Jasieniuk:Implementation of a method to calculate microsatellite genotype distance in polyploids
Update
Note, June 2010: All of this functionality is now available in the R package polysat.
Note, April 2010: I'm working on developing an R package with these and other tools for polyploid microsatellite data. I have restructured the functions somewhat so that they will be more versatile (allow for other measures of distance, and import the genotypes as an R object so that other things can be done with them). I've written a function that will read the data more directly from the format produced by ABI GeneMapper and one that can process multiple loci at once and calculate the mean distances. Missing data is also allowed. There is also a function to export data to be read by Structure 2.3.3.

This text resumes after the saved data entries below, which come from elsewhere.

Lemma birkhoff_bounded_homo g : nondecreasing_seq (birkhoff_bounded theta g).
Proof.
move=> m n mn; apply/subsetPset => w Sm k.
by apply: le_trans (Sm k) _; rewrite ler_nat.
Qed.

(* Bounding sums from theta w and from w only differ by the term |g w|. *)
Lemma preimage_birkhoff_bounded g :
  theta @^-1` (\bigcup_m birkhoff_bounded theta g m) =
  \bigcup_m birkhoff_bounded theta g m.
Proof.
apply/seteqP; split => w [m _ Sm]; exists (Num.truncn (m%:R + `|g w|)).+1 => // k;
  apply: le_trans (ltW (truncnS_gt _)).
- case: k => [|k]; first by rewrite birkhoff_sum0 addr_ge0.
  by rewrite birkhoff_sumS; have := Sm k; have := ler_norm (g w); lra.
- have := Sm k.+1; rewrite birkhoff_sumS.
  by have := ler_norm (- g w); rewrite normrN; lra.
Qed.

End birkhoff_sums.

Section measurable_birkhoff.
Context {d : measure_display} {T : measurableType d} {R : realType} {theta : T -> T}.
Hypothesis mtheta : measurable_fun setT theta.
Implicit Types (g : T -> R).

Lemma measurable_iter k : measurable_fun setT (iter k theta).
Proof.
elim: k => [|k IHk] /=; first exact: measurable_id.
exact: measurableT_comp mtheta IHk.
Qed.

Lemma measurable_birkhoff_sum g k :
  measurable_fun setT g -> measurable_fun setT (birkhoff_sum theta g k).
Proof.
move=> mg; apply: measurable_sum => j.
exact: measurableT_comp mg (measurable_iter j).
Qed.

Lemma measurable_birkhoff_max g n :
  measurable_fun setT g -> measurable_fun setT (birkhoff_max theta g n).
Proof.
move=> mg; elim: n => [|n IHn] /=; first exact: measurable_cst.
exact: measurable_maxr IHn (measurable_birkhoff_sum g n.+1 mg).
Qed.

Lemma measurable_birkhoff_bounded g m :
  measurable_fun setT g -> measurable (birkhoff_bounded theta g m).
Proof.
move=> mg; rewrite [X in measurable X](_ : _ =
    \bigcap_k [set w | birkhoff_sum theta g k w <= m%:R]).
  apply: bigcapT_measurable => k.
  by apply: measurable_ler; [exact: measurable_birkhoff_sum|exact: measurable_cst].
by apply/seteqP; split => w /= Sk k; [move=> _ | ]; apply: Sk.
Qed.

End measurable_birkhoff.

Section measure_preserving.
Context {d : measure_display} {T : measurableType d} {R : realType}.
Context {P : probability T R} {theta : T -> T}.
Hypothesis theta_mp : measure_preserving P theta.

Let mtheta : measurable_fun setT theta := theta_mp.1.

Lemma ge0_integral_comp (h : T -> \bar R) :
  measurable_fun setT h -> (forall x, (0 <= h x)%E) ->
  (\int[P]_x h (theta x) = \int[P]_x h x)%E.
Proof.
move=> mh h_ge0; have [_ theta_pres] := theta_mp.
have := ge0_integral_pushforward mtheta P measurableT mh (fun x _ => h_ge0 x).
rewrite preimage_setT => <-.
apply: eq_measure_integral => A mA _ /=.
by rewrite /pushforward theta_pres.
Qed.

Lemma ge0_integral_iter (h : T -> \bar R) (k : nat) :
  measurable_fun setT h -> (forall x, (0 <= h x)%E) ->
  (\int[P]_x h (iter k theta x) = \int[P]_x h x)%E.
Proof.
move=> mh h_ge0; elim: k => [//|k <-].
rewrite -(ge0_integral_comp (h \o iter k theta)) => [|//|x]; last exact: h_ge0.
  by apply: eq_integral => x _; rewrite /= -iterSr.
exact: measurableT_comp mh (measurable_iter mtheta k).
Qed.

Section maximal_ergodic.
Context {f : T -> R} {a : R}.
Hypotheses (mf : measurable_fun setT f) (f_ge0 : forall x, 0 <= f x) (a_ge0 : 0 <= a).

Let g x := a - f x.

Let mg : measurable_fun setT g.
Proof. by apply: measurable_funB => //; exact: measurable_cst. Qed.

Let positive n := [set w | 0 < birkhoff_max theta g n w].

Let measurable_positive n : measurable (positive n).
Proof.
apply: measurable_ltr; first exact: measurable_cst.
exact: measurable_birkhoff_max mtheta _ _ mg.
Qed.

Lemma birkhoff_max_le n w : birkhoff_max theta g n w <= n%:R * a.
Proof.
have [k kn ->] := birkhoff_max_attained theta g n w.
rewrite birkhoff_sum_cstB (@le_trans _ _ (k%:R * a)) //; last first.
  by rewrite ler_wpM2r // ler_nat.
by rewrite lerBlDr lerDl; apply: sumr_ge0 => j _; exact: f_ge0.
Qed.

Lemma birkhoff_max_step n w :
  birkhoff_max theta g n w + f w * \1_(positive n) w <=
  a * \1_(positive n) w + birkhoff_max theta g n (theta w).
Proof.
rewrite indicE; have [pos|nonpos] := ltP 0 (birkhoff_max theta g n w).
  rewrite mem_set //= !mulr1; have := birkhoff_max_shift _ _ _ _ pos; rewrite /g; lra.
rewrite memNset /= ?mulr0 ?addr0 ?add0r; last by apply/negP; rewrite -leNgt.
by have := birkhoff_max_ge0 theta g n (theta w); lra.
Qed.

Lemma integral_birkhoff_max_fin_num n :
  (\int[P]_x (birkhoff_max theta g n x)%:E)%E \is a fin_num.
Proof.
rewrite ge0_fin_numE ?integral_ge0 // => [|x _]; last by rewrite lee_fin birkhoff_max_ge0.
apply: (@le_lt_trans _ _ (\int[P]_x (n%:R * a)%:E)%E).
  apply: ge0_le_integral => //.
  - by move=> x _; rewrite lee_fin birkhoff_max_ge0.
  - exact/measurable_EFinP/(measurable_birkhoff_max mtheta _ _ mg).
  - by move=> x _; rewrite lee_fin birkhoff_max_le.
by rewrite integral_cst // ltey_eq fin_numM // fin_num_measure.
Qed.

The functions are in a text file: Media:Polysatfun100409.R.txt
Documentation of the functions: Media:Polysatfun100409.Rd.txt
Overview
This is an implementation of the method of Bruvo et al. (2004). It calculates a pairwise measure of genetic distance between individuals at a single microsatellite locus. The allele copy number does not need to be known and the individuals do not even need to be the same ploidy level. Its primary advantage over band-sharing measures of genetic distance is that it allows for mutation, such that alleles aren't considered to be qualitatively different, but instead the difference in repeat number between two alleles is taken into account. The paper offers two options for dealing with virtual alleles (when one individual has more alleles than the other). My implementation uses the simpler option and sets virtual alleles as equal to infinity.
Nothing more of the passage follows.